Developing and optimising a hydrogen economy in Europe’s Greater Region.
Industrial groups from France, Germany and Luxembourg have formed a European Economic Interest Grouping (EEIG).
Creos Deutschland, Encevo, GazelEnergie, GRTgaz, H2V, Hydrogène de France, SHS – Stahl- Holding-Saar GmbH and Steag GmbH have united to form a European Economic Interest Grouping (EEIG) known as “Grande Region Hydrogen” (GRH). The EEIG members have set themselves the individual and joint objective of establishing an integrated, closely networked cross-border hydrogen ecosystem for the whole Greater Region, connecting projects throughout the value chain, from production to transportation, delivery and consumption.
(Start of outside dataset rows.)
(* For every integer $k\ge0$, let $b_i$ denote the coefficient of $z^i$ in the power series expansion of $\left(\frac{\ln(1+z)}{z}\right)^{4k+1}$. Then $\nu(b_{4k})=-4k$.
   Context: $\nu(r)$ denotes the 2-adic valuation of a nonzero rational number $r$ (e.g. $\nu(4)=2$, $\nu(3)=0$, $\nu(1/8)=-3$). $\frac{\ln(1+z)}{z}=1-\frac z2+\frac{z^2}{3}-\frac{z^3}{4}+\cdots$. *)

From HB Require Import structures.
From mathcomp Require Import all_boot all_order all_algebra.
Set Implicit Arguments. Unset Strict Implicit. Unset Printing Implicit Defensive.
Import Order.TTheory GRing.Theory Num.Theory.
Local Open Scope ring_scope.

(* 2-adic valuation of a rational number r (meaningful for r <> 0):
   nu(r) = v_2(numerator) - v_2(denominator). *)
Definition nu2 (r : rat) : int :=
  (logn 2 `|numq r|%N)%:Z - (logn 2 `|denq r|%N)%:Z.

(* Truncation at degree N of the power series ln(1+z)/z = sum_{j>=0} (-1)^j z^j/(j+1). *)
Definition lnser (N : nat) : {poly rat} :=
  \poly_(j < N.+1) ((-1) ^+ j / (j.+1)%:R).

(* Coefficient of z^i in (ln(1+z)/z)^n; truncating at degree i does not
   affect the coefficient of z^i. *)
Definition lncoef (n i : nat) : rat := ((lnser i) ^+ n)`_i.

From HB Require Import structures.
From mathcomp Require Import all_boot all_order all_algebra.
From mathcomp Require Import ring.
Import Order.TTheory GRing.Theory Num.Theory.
Local Open Scope ring_scope.

(* Write Q = ln(1 + z) / z. The differential equation z (1 + z) Q' = 1 - (1 + z) Q
   yields a recurrence for the coefficients of the powers of Q which identifies
   them with Stirling numbers of the first kind:
   [z^m] Q^n = (-1)^m n! stirling1 (m + n) n / (m + n)!.
   For n = m + 1 the Stirling number stirling1 (2m + 1) (m + 1) is odd, because
   modulo 2 the rising factorial of length 2m is (x^2 + x)^m; and the 2-adic
   valuation of (2m + 1)! is m + nu(m!). Hence nu([z^m] Q^(m+1)) = nu(m + 1) - m,
   which is -4k for m = 4k. *)

Lemma nu2_natr_div (p q : nat) : (0 < p)%N -> (0 < q)%N ->
  nu2 (p%:R / q%:R) = (logn 2 p)%:Z - (logn 2 q)%:Z.
Proof.
move=> p_gt0 q_gt0; set x : rat := p%:R / q%:R.
have x_neq0 : x != 0 by rewrite mulf_neq0 ?invr_eq0 ?pnatr_eq0 -?lt0n.
have cross : (`|numq x| * q = p * `|denq x|)%N.
  have : numq x * q%:Z = p%:Z * denq x.
    apply: (@intr_inj rat); rewrite !intrM numqE /x.
    by rewrite -!pmulrn mulrAC divfK ?pnatr_eq0 -?lt0n.
  by move/(congr1 absz); rewrite !abszM !absz_nat.
have num_gt0 : (0 < `|numq x|)%N by rewrite absz_gt0 numq_eq0.
have den_gt0 : (0 < `|denq x|)%N by rewrite absz_gt0 denq_neq0.
move/(congr1 (logn 2)): cross; rewrite !lognM // => cross.
rewrite /nu2; apply/eqP; rewrite subr_eq addrAC eq_sym subr_eq -!PoszD.
by rewrite cross addnC.
Qed.

Lemma logn2_odd n : odd n -> logn 2 n = 0%N.
Proof. by move=> n_odd; rewrite logn_coprime // coprime2n. Qed.

Lemma logn2_fact_double m : logn 2 (m.*2)`! = (m + logn 2 m`!)%N.
Proof.
elim: m => [|m IHm] //.
rewrite doubleS !factS -doubleS -mul2n !lognM ?muln_gt0 ?fact_gt0 //.
have odd_dS : odd m.*2.+1 by rewrite /= odd_double.
rewrite (logn_prime 2 (isT : prime 2)) (logn2_odd _ odd_dS) IHm.
by rewrite eqxx add0n add1n !addSn addnCA.
Qed.

(* Unsigned Stirling numbers of the first kind, the coefficients of the
   rising factorial x (x + 1) ... (x + n - 1). *)
Fixpoint stirling1 (n k : nat) : nat :=
  match n, k with
  | 0, 0 => 1
  | 0, _.+1 | _.+1, 0 => 0
  | n'.+1, k'.+1 => stirling1 n' k' + n' * stirling1 n' k
  end.

Lemma stirling1SS n k :
  stirling1 n.+1 k.+1 = (stirling1 n k + n * stirling1 n k.+1)%N.
Proof. by []. Qed.

Lemma stirling1_small n k : (n < k)%N -> stirling1 n k = 0%N.
Proof. by elim: n k => [|n IHn] [|k] //= ltnk; rewrite !IHn ?muln0 // ltnW. Qed.

Lemma stirling1nn n : stirling1 n n = 1%N.
Proof. by elim: n => // n IHn; rewrite stirling1SS IHn stirling1_small ?muln0. Qed.

Lemma odd_stirling1_doubleSS j k :
  odd (stirling1 (j.*2).+1 k.+1) = odd (stirling1 j.*2 k).
Proof. by rewrite stirling1SS oddD oddM odd_double andFb addbF. Qed.

(* Modulo 2 the rising factorial of length 2j is (x^2 + x)^j. *)
Lemma odd_stirling1_double j k :
  odd (stirling1 j.*2 k) = (j <= k)%N && odd 'C(j, k - j).
Proof.
elim: j k => [|j IHj] [|k] //.
rewrite doubleS stirling1SS oddD oddM oddS odd_double andTb.
rewrite odd_stirling1_doubleSS IHj.
case: k => [|k]; first by case: j {IHj}.
rewrite odd_stirling1_doubleSS IHj !ltnS subSS.
case: (ltngtP j k) => [ltjk|ltkj|<-].
- by rewrite leqW ?subSn ?binS ?oddD 1?addbC // ltnW.
- have/eqP -> : (k.+1 - j == 0)%N by rewrite subn_eq0.
  by rewrite !bin0.
- by rewrite subnn subSnn bin0 !bin1 leqnSn.
Qed.

Section TruncatedLogSeries.

Variable N : nat.

Local Notation Q := (lnser N).
Local Notation c := ((-1) ^+ N *: 'X^(N.+1) : {poly rat}).

Lemma coef_lnser i : Q`_i = if (i <= N)%N then (-1) ^+ i / i.+1%:R else 0.
Proof. by rewrite coef_poly ltnS. Qed.

(* The derivative of the truncated logarithm X Q is the truncated geometric
   series of 1 / (1 + X). *)
Lemma deriv_Xlnser : (1 + 'X) * ('X * Q)^`() = 1 + c.
Proof.
have coef_dL i : (('X * Q)^`())`_i = if (i <= N)%N then (-1) ^+ i else 0.
  rewrite coef_deriv coefXM /= coef_lnser.
  case: ifP => _; last by rewrite mul0rn.
  by rewrite -[LHS]mulr_natr divfK ?pnatr_eq0.
apply/polyP => -[|i].
  by rewrite mulrDl mul1r !coefD coefXM coef1 coefZ coefXn coef_dL mulr0 !addr0.
rewrite mulrDl mul1r !coefD coefXM coef1 coefZ coefXn /= !coef_dL eqSS add0r.
case: (ltngtP i N) => [ltiN|ltNi|<-].
- by rewrite exprS mulN1r addNr mulr0.
- by rewrite addr0 mulr0.
- by rewrite add0r mulr1.
Qed.

(* The truncation of [X (1 + X) Q' = 1 - (1 + X) Q], the differential
   equation of [ln(1 + X) / X]. *)
Lemma lnser_ode : 'X * (1 + 'X) * Q^`() = 1 - (1 + 'X) * Q + c.
Proof.
have dL : ('X * Q)^`() = Q + 'X * Q^`() by rewrite derivM derivX mul1r.
by rewrite addrAC -deriv_Xlnser dL; ring.
Qed.

Lemma lnser_exp_ode n :
  'X * (1 + 'X) * (Q ^+ n.+1)^`() = Q ^+ n * (1 - (1 + 'X) * Q + c) *+ n.+1.
Proof. by rewrite deriv_exp -lnser_ode /=; ring. Qed.

Lemma coefX_deriv (p : {poly rat}) i : ('X * p^`())`_i = p`_i *+ i.
Proof. by rewrite coefXM; case: i => [|i] //=; rewrite coef_deriv. Qed.

Lemma coefX1X_deriv (p : {poly rat}) i :
  ('X * (1 + 'X) * p^`())`_i.+1 = p`_i.+1 *+ i.+1 + p`_i *+ i.
Proof.
by rewrite mulrDr mulr1 mulrDl -mulrA coefD !coefX_deriv coefXM /= coefX_deriv.
Qed.

Local Notation a n m := ((Q ^+ n)`_m).

Lemma coef_lnser_exp_rec n m : (m < N)%N ->
  a n.+1 m.+1 * (m + n).+2%:R = a n m.+1 * n.+1%:R - a n.+1 m * (m + n).+1%:R.
Proof.
move=> ltmN.
have := congr1 (fun p : {poly rat} => p`_m.+1) (lnser_exp_ode n).
rewrite /= coefX1X_deriv coefMn mulrDr mulrBr mulr1 mulrDl mul1r.
rewrite mulrDr mulrCA -exprSr -scalerAr [_ * 'X^_]mulrC !coefD !coefN.
rewrite coefZ coefXnM ltnS ltmN mulr0 addr0 /= coefD coefXM /=.
move: (a n.+1 m.+1) (a n m.+1) (a n.+1 m) => x y z /eqP.
rewrite -subr_eq0 => /eqP hyp.
by apply/eqP; rewrite -subr_eq0 -hyp; apply/eqP; ring.
Qed.

Lemma coef0_lnser_exp n : a n 0 = 1.
Proof.
elim: n => [|n IHn]; first by rewrite expr0 coef1.
by rewrite exprS coef0M IHn coef_lnser mulr1 expr0 divr1.
Qed.

(* Truncated form of (ln(1 + z))^n / n! = \sum_M (-1)^(M - n) stirling1 M n z^M / M!. *)
Lemma coef_lnser_exp n m : (m <= N)%N ->
  a n m * (m + n)`!%:R = (-1) ^+ m * n`!%:R * (stirling1 (m + n) n)%:R.
Proof.
elim: m n => [|m IHm] n leqmN.
  by rewrite coef0_lnser_exp stirling1nn expr0 !mul1r mulr1.
elim: n => [|n IHn].
  by rewrite expr0 coef1 mul0r addn0 mulr0.
have -> : (m.+1 + n.+1)`! = ((m + n).+2 * (m + n).+1`!)%N by rewrite addSn addnS.
rewrite natrM mulrA coef_lnser_exp_rec // mulrBl.
rewrite [_ * n.+1%:R * _]mulrAC [_ * (m + n).+1%:R * _]mulrAC.
rewrite -addSn IHn addSnnS IHm 1?ltnW // addSn stirling1SS factS.
by rewrite natrD !natrM exprS; ring.
Qed.

End TruncatedLogSeries.

Lemma nu2_signr (m : nat) (x : rat) : nu2 ((-1) ^+ m * x) = nu2 x.
Proof. by rewrite -signr_odd /nu2 numq_sign_mul denq_mulr_sign abszMsign. Qed.

Lemma odd_stirling1_double_succ m : odd (stirling1 (m.*2).+1 m.+1).
Proof. by rewrite odd_stirling1_doubleSS odd_stirling1_double leqnn subnn bin0. Qed.

Lemma lncoef_succ_diag m : lncoef m.+1 m =
  (-1) ^+ m * ((m.+1)`! * stirling1 (m.*2).+1 m.+1)%:R / ((m.*2).+1)`!%:R.
Proof.
have := @coef_lnser_exp m m.+1 m (leqnn m).
rewrite addnS addnn natrM mulrA => <-.
by rewrite mulfK // pnatr_eq0 -lt0n fact_gt0.
Qed.

Lemma lncoef_succ_diag_neq0 m : lncoef m.+1 m != 0.
Proof.
have s_gt0 := odd_gt0 (odd_stirling1_double_succ m).
rewrite lncoef_succ_diag -mulrA mulf_neq0 ?signr_eq0 // mulf_neq0 //.
  by rewrite pnatr_eq0 -lt0n muln_gt0 fact_gt0.
by rewrite invr_eq0 pnatr_eq0 -lt0n fact_gt0.
Qed.

Lemma nu2_lncoef_succ_diag m : nu2 (lncoef m.+1 m) = (logn 2 m.+1)%:Z - m%:Z.
Proof.
have odd_s := odd_stirling1_double_succ m.
have odd_dS : odd (m.*2).+1 by rewrite /= odd_double.
have [s_gt0 dS_gt0] := (odd_gt0 odd_s, odd_gt0 odd_dS).
rewrite lncoef_succ_diag -mulrA nu2_signr nu2_natr_div ?muln_gt0 ?fact_gt0 //.
rewrite !factS !lognM ?muln_gt0 ?fact_gt0 // logn2_fact_double.
by rewrite (logn2_odd _ odd_s) (logn2_odd _ odd_dS) !PoszD; ring.
Qed.

Theorem lemmaA (k : nat) :
  lncoef (4 * k + 1) (4 * k) != 0 /\
  nu2 (lncoef (4 * k + 1) (4 * k)) = - (4 * k)%:Z.
Proof.
rewrite addn1; split; first exact: lncoef_succ_diag_neq0.
by rewrite nu2_lncoef_succ_diag logn2_odd ?add0r // oddS oddM.
Qed.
The “Grande Region Hydrogen” initiative is made up of interdependent projects and will foster synergy.
The scope currently encompasses the federal state of Saarland (Germany), Lorraine (in France’s Grand-Est region) and the Grand Duchy of Luxembourg. The objective is to develop and optimise an integrated hydrogen economy by taking advantage of the favourable conditions in those regions.
Environmental impact
The GRH will contribute to the decarbonisation of the steel industry and transport sector, in accordance with the targets set by the European Commission and the Green Deal to achieve carbon neutrality by 2050, with the ecosystem due to reduce CO2 emissions by over 980,000 tonnes a year by 2030.
Social impact
The GRH initiative will also allow transformation of the Carling/Saint-Avold and Völklingen hubs, for them to move to the mass production of hydrogen through electrolysis, thus providing new stimulus at the very heart of Europe. It is expected that over 140 new direct jobs and 230 indirect jobs will be created, entailing the development of university research programmes and courses with a vocational focus.
Economic impact
Lastly, GRH projects will contribute to the region’s economic growth and enhance its appeal, with significant investments (over €600 million for the production facilities and transport infrastructure) to produce up to 61,000 tonnes of hydrogen a year. The transport infrastructure as a whole will generate economic gains by optimising the match between supply and demand as new links open up. This effect of scale will help cut the end cost of renewable hydrogen, which is an important stage in the development of a European market for hydrogen.
The GRH initiative will also help boost the appeal of this cross-border region as it has the potential to open up a new chapter for industry in the post-coal era, based on competitively priced green energy.